この馬には、一瞬の脚に欠けるというはっきりとしたウィークポイントがあるわけですが、自らのスイートスポットにハマった時には、長くいい脚を使えるという明確なストロングポイントを併せ持っているのですよね。
そして今回、パンサラッサの逃げなら、中山記念の時と同じようにこの馬が力を出し切れるようなラップ構成となりそうですし、そして何より、転厩後では一番の体調でレースを使えそうな雰囲気もあります。よって、これくらいの相手なら、GⅠでも通用しておかしくないと見て、最後のひと枠はこの馬としました。
その他、⑧シャフリヤールは次点扱いとします。東京の二千はいかにもこの馬に合いそうなのですが、正直、「この馬ってそんなに強いの?」と思うところもあって、その感覚を大事にした結果としてのこの評価です。

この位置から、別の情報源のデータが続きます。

Lemma tsp_lt_double_steiner_large_girth x p k : simple_cycle (x :: p) ->
  (forall c, simple_cycle c -> size (x :: p) <= size c) -> 4 <= k < size (x :: p) ->
  exists S, #|S| = k /\ tsp e S < 2 * steiner e S.
Proof.
move=> cyc shortest /andP[k4 kg]; have /and3P[up g3 cp] := cyc.
have [|a [s [b [s' [dt ss ss']]]]] := @split_short_halves _ (rcons p x).
  by move: k4 kg; rewrite size_rcons /=; lia.
pose Q := [set:: [:: x; a; last a s; b]].
have QC : Q \subset [set:: x :: p].
  rewrite -closed_cycle_vertices dt; apply/subsetP => z; rewrite !inE.
  case/or4P => /eqP ->; rewrite ?eqxx ?orbT //.
    by have := mem_last a s; rewrite in_cons mem_cat => /orP[->|->]; rewrite ?orbT.
  by rewrite mem_cat mem_head !orbT.
have [|S [QS SC cS]] := @subset_card_between _ _ _ k QC.
  by rewrite !cardsE (card_uniqP up) (ltnW kg) andbT (leq_trans (card_size _)).
exists S; split => //.
apply: leq_ltn_trans (tsp_le_closed_walk cp (last_rcons _ _ _) _) _.
  by rewrite closed_cycle_vertices.
rewrite /steiner.
have [A [F [<- SA FeA Fconn]]] := connected_subgraph_witness (least_natP (steiner_exists S x)).
apply: (quartered_walk_subgraph_card cp (last_rcons _ _ _) (uniq_closed_cycle_edges up g3)
          _ dt _ ss ss' _ Fconn).
- by move=> c /shortest; rewrite size_rcons.
- by rewrite size_rcons.
- by move=> u v /FeA [].
- by move=> z zQ; apply/(subsetP SA)/(subsetP QS); rewrite inE.
Qed.

Lemma exists_tsp_lt_double_steiner k : 4 <= k -> k <= #|T| -> ~ acyclic_graph e ->
  exists S, #|S| = k /\ tsp e S < 2 * steiner e S.
Proof.
move=> k4 kT /shortest_cycle [x [p [cyc shortest]]].
case: (leqP (size (x :: p)) k) => [gk | kg].
  by apply: tsp_lt_double_steiner_small_girth cyc _; rewrite gk kT.
by apply: tsp_lt_double_steiner_large_girth cyc shortest _; rewrite k4 kg.
Qed.

End Connected.
End Graph.

Theorem proposition2 (k : nat) (hk : 4 <= k) :
  (forall (T : finType) (e : rel T),
      simple_graph e -> is_tree e -> k <= #|T| ->
      W_tsp e k = 2 * W_steiner e k) /\
  (forall (T : finType) (e : rel T),
      simple_graph e -> connected_graph e -> ~ is_tree e -> k <= #|T| ->
      W_tsp e k < 2 * W_steiner e k).
Proof.
have nonempty (T : finType) (S : {set T}) : #|S| = k -> exists x, x \in S.
  by move=> cS; apply/card_gt0P; rewrite cS; exact: leq_trans hk.
split=> T e [esym eirr].
  move=> [conn acyc] _; rewrite /W_tsp /W_steiner big_distrr /=.
  apply: eq_bigr => S /eqP /nonempty [x xS]; apply/eqP; rewrite eqn_leq.
  rewrite (tsp_le_double_steiner esym eirr conn xS).
  exact: double_steiner_le_tsp esym eirr conn S x acyc.
move=> conn not_tree kT.
have [|S [cS lt]] := exists_tsp_lt_double_steiner esym eirr conn hk kT.
  by move=> acyc; apply: not_tree.
rewrite /W_tsp /W_steiner big_distrr /= (bigD1 S) ?cS //= [X in _ < X](bigD1 S) ?cS //=.
rewrite -addSn leq_add // leq_sum // => S' /andP[/eqP /nonempty [x xS'] _].
exact (tsp_le_double_steiner esym eirr conn xS').
Qed.
Lemma lossx_ge0_le1 a {x : fdist R Z} : is_dist x -> 0 <= lossx L a x <= 1.
Proof.
case=> x0 x1; rewrite sumr_ge0 => [|z _]; last by rewrite mulr_ge0 ?(andP (L01 a z)).1.
by rewrite -x1 ler_sum // => z _; rewrite ler_piMr ?(andP (L01 a z)).2.
Qed.

Lemma losspi_mix (p q : 'I_k -> R) (t : R) (x : fdist R Z) :
  losspi L (fun a => (1 - t) * p a + t * q a) x =
  (1 - t) * losspi L p x + t * losspi L q x.
Proof. by rewrite /losspi !mulr_sumr -big_split; apply: eq_bigr => a _ /=; ring. Qed.

Lemma losspi_lipschitz (p q : 'I_k -> R) {x : fdist R Z} : is_dist x ->
  `|losspi L p x - losspi L q x| <= \sum_a `|p a - q a|.
Proof.
move=> hx; rewrite /losspi -sumrB (le_trans (ler_norm_sum _ _ _)) //.
apply: ler_sum => a _; rewrite -mulrBl normrM.
by have /andP[l0 l1] := lossx_ge0_le1 a hx; rewrite ler_piMr // ger0_norm.
Qed.

Lemma losspi_ge0 {p : 'I_k -> R} {x : fdist R Z} : is_dist x -> in_simplex p ->
  0 <= losspi L p x.
Proof.
move=> hx [p0 _]; apply: sumr_ge0 => a _.
by rewrite mulr_ge0 ?(andP (lossx_ge0_le1 a hx)).1.
Qed.

Lemma Vstar_std_le {p : 'I_k -> R} {x : fdist R Z} : is_dist x -> in_simplex p ->
  Vstar_std L x <= V_std L p x.
Proof.
move=> hx [p0 p1]; rewrite /V_std /losspi -[Vstar_std L x]mul1r -p1 mulr_suml.
apply: ler_sum => a _; apply: ler_wpM2l => //; apply: ge_inf; last by exists a.
by exists 0 => _ [b _ <-]; rewrite (andP (lossx_ge0_le1 b hx)).1.
Qed.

⑨ジャックドールは、仕掛けどころがハマれば勝ち負けまであっていいと考えていますが、そのスイートスポットは決して広くないと思うのですよね。鞍上に対する信頼感も低いですし、序盤でバビットの出方に幻惑されるだけでも、自ら勝ち負けラインから遠のくことになりそう。そんな判断となりました。
③パンサラッサは、そもそも楽にハナを切れるのか、という部分で不安がありますし、仮にマイペースに持ち込んだとしても、ジャックドールあたりが早めにつついてくる可能性は高そうですから、小回りコースならまだしも、舞台が東京だと頑張っても善戦止まりなのかな、と。
⑥ジオグリフは、やはりノド鳴りが……。春から一貫して言っているのですが、ノド鳴り持ちの馬を狙うのって、やっぱり怖いんですよね。ポテンシャル面で抜けている馬でもそうなのに、100%の力を出し切って通用するかどうか、くらいの力関係だと、やはりこの馬にひと枠を使うという判断には至りませんでした。
いやはや、今年はGⅠレースが難しすぎ。
もちろん、あえてそのGⅠで勝負する必要性も低いのですけれど、最高峰の格を誇るレースで思いどおりにならないことが続くのは、やっぱり残念なことではありますからね。
さて、今週はどうなりますか? なにはともあれ、皆さまのご健闘を心からお祈りしたいと思います。